# Internet DRivers Missing ?



## Lynsey (Oct 29, 2011)

I recently used the recovery disk for my Desktop and now I have no internet drivers... Can anyone help me figure out how to fix this? Is there a way for me to download them using another comuter on to a CD or Flash Drive?

I have a gateway GT5014


----------



## del schisler (Aug 22, 2010)

Lynsey said:


> I recently used the recovery disk for my Desktop and now I have no internet drivers... Can anyone help me figure out how to fix this? Is there a way for me to download them using another comuter on to a CD or Flash Drive?
> 
> I have a gateway GT5014


cant go thro IE 8 ?? to log in a little more info would be help full.


----------



## rossfingal (Mar 20, 2011)

Why did you have use "Recovery"?
What operating system - "XP"?

rossfingal


----------



## diyorpay (Sep 21, 2010)

Usually the manufacturer's site will have a support section and patches and drivers are available for download after you specify which model you have.


----------



## Ironlight (Apr 13, 2011)

Sounds like what you are missing is the NETWORK drivers for that machine. Was it connected to the internet using wireless, or an ethernet cable to your router/modem? Either way, you should be able to download them onto a flash drive and copy them to the Gateway.
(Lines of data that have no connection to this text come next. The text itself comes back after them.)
Lemma concat_exists la (x : path) : is_infpath x -> x zv zv = idm (sc la) ->
  exists y, is_concat la x y.
Proof.
move=> x_path x0; case: (x_path) => _ ends x_comp x_deg.
have rg_x a : sc la = rg (x zv a) by rewrite (ends _ _ (lev0v a)).1 x0 rg_idm.
have deg_x a : deg (x zv a) = a by rewrite x_deg ?subv0 ?lev0v.
have [a | a b lab | y [y_path y_pref]] :=
  @infpath_of_chain (fun a => cmp la (x zv (subv a (deg la)))).
- by rewrite deg_comp // deg_x; apply/levP => i; rewrite !ffunE; lia.
- have lab' := lev_sub2r (deg la) lab.
  have s := infpath_sc x_path (lev0v _) lab'.
  exists (x (subv a (deg la)) (subv b (deg la))); split; first by rewrite sc_comp.
  by rewrite (x_comp _ (subv a (deg la))) ?lev0v ?Defs.compA.
- have y_la b : y zv (addv (deg la) b) = cmp la (x zv b).
    rewrite y_pref addKv.
    have -> : addv (deg la) b = deg (cmp la (x zv b)) by rewrite deg_comp // deg_x.
    exact: prefix_deg.
  exists y; split => //; first by have := y_la zv; rewrite addv0 x0 comp_idr.
  move=> a b lab; rewrite /shift.
  have l1 := lev0v (addv (deg la) a); have l2 := lev_add2l (deg la) lab.
  have s := infpath_sc x_path (lev0v a) lab.
  have : cmp (y zv (addv (deg la) a)) (y (addv (deg la) a) (addv (deg la) b)) =
         cmp (y zv (addv (deg la) a)) (x a b).
    case: (y_path) => _ _ y_comp _.
    by rewrite -y_comp // !y_la (x_comp _ a) ?lev0v // Defs.compA.
  case/factorisation_uniq => //; first exact: infpath_sc y_path l1 l2.
  by rewrite y_la sc_comp.
Qed.

Lemma concat_src la (x y : path) : is_concat la x y -> x zv zv = idm (sc la).
Proof.
case=> y_path y_pref y_shift.
have := y_shift zv zv (levv zv); rewrite /shift addv0 => <-.
case: (y_path) => y_id _ _ _.
by rewrite {1}y_id -(infpath_sc y_path (lev0v _) (levv _)) y_pref.
Qed.

Lemma concat_rg la (x y : path) : is_concat la x y -> y zv zv = idm (rg la).
Proof.
case=> y_path y_pref _; case: (y_path) => y_id ends _ _.
by rewrite {1}y_id -(ends _ _ (lev0v (deg la))).1 y_pref.
Qed.
Lemma tight_profile_tight (I : R -> R) : {homo I : x y / x <= y} ->
  (forall t, 0 <= t -> b 0%N <= c * opt k b r t - I t) ->
  (forall t, I t = int0 t (fun s => prudent_rate k b r (c * opt k b r s - I s))) ->
  tight k b r c (tight_profile I).
Proof.
move=> I_nd I_b0 I_fix; set q := tight_profile I.
have q_profile : profile k q.
  split; last split=> [j t _ _|t _]; [|exact: state_mass_ge0|exact: sum_state_mass].
  move=> j _; have mI := nondecreasing_measurable measurableT I_nd.
  have m_mass := continuous_measurable_fun (@continuous_state_mass R k b j).
  exact (measurableT_comp m_mass (measurable_funB measurable_c_opt mI)).
have q_prudent : prudent k q.
  by split=> // t t0; exact: state_mass_support (I_b0 t t0).
have X_qE t : 0 <= t ->
    X_p k b r q t = Num.min (c * opt k b r t - I t) (b k) + I t.
  move=> t0; rewrite X_pE /B_p /q /tight_profile.
  rewrite (sum_state_mass_b b_lt (I_b0 t t0)).
  by congr (_ + _); exact: esym (I_fix t).
split=> //; split.
  by split=> // t t0; rewrite X_qE // -lerBrDr ge_min lexx.
move=> t t0 qk_lt1; rewrite X_qE // min_l ?subrK //.
rewrite leNgt; apply: contraL qk_lt1 => /ltW bk.
by rewrite /q /tight_profile state_mass_top // eqxx ltxx.
Qed.

End Profiles.

Theorem lemma4p5 (R : realType) (k : nat) (b r : nat -> R) (c : R) :
  valid_instance k b r -> 1 <= c ->
  (exists p, prudent k p /\ competitive k b r c p) ->
  exists q, tight k b r c q.
Proof.
move=> [_ [b_lt [r_lt [r_k_ge0 _]]]] _ [p [p_prudent [p_profile p_comp]]].
have B_p_le s : 0 <= s -> B_p k b p s <= c * opt k b r s - int0 s (R_p k r p).
  by move=> s0; rewrite lerBrDr -X_pE p_comp.
have R_p_ge s : 0 <= s ->
    prudent_rate k b r (c * opt k b r s - int0 s (R_p k r p)) <= R_p k r p s.
  move=> s0; rewrite (R_p_prudent r b_lt p_prudent s0).
  exact: prudent_rate_noninc (B_p_le s s0).
have [I [I_nd I_le I_fix]] := picard_fixpoint_exists
  (prudent_rate_noninc b_lt r_lt) (@continuous_prudent_rate R k b r)
  (prudent_rate_bnd b_lt r_lt r_k_ge0) (measurable_c_opt b c r_lt r_k_ge0)
  (measurable_R_p r p_profile) (R_p_bnd r_lt r_k_ge0 p_profile) R_p_ge.
exists (tight_profile k b r c I); apply: tight_profile_tight => // t t0.
apply: le_trans (B_p_ge b_lt p_profile t0) (le_trans (B_p_le t t0) _).
by rewrite lerB.
Qed.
To find out exactly what's missing, right-click on My Computer and select properties, then choose Hardware Manager, and expand the section with Network devices. That will tell you exactly what network hardware your machine has so you know what drivers you need. You may need to go direct to the device manufacturer's website to get the drivers as I have noticed that many big computer sellers, like Sony and Gateway, don't offer all of the required drivers for their machines in their support downloads section of their website.


----------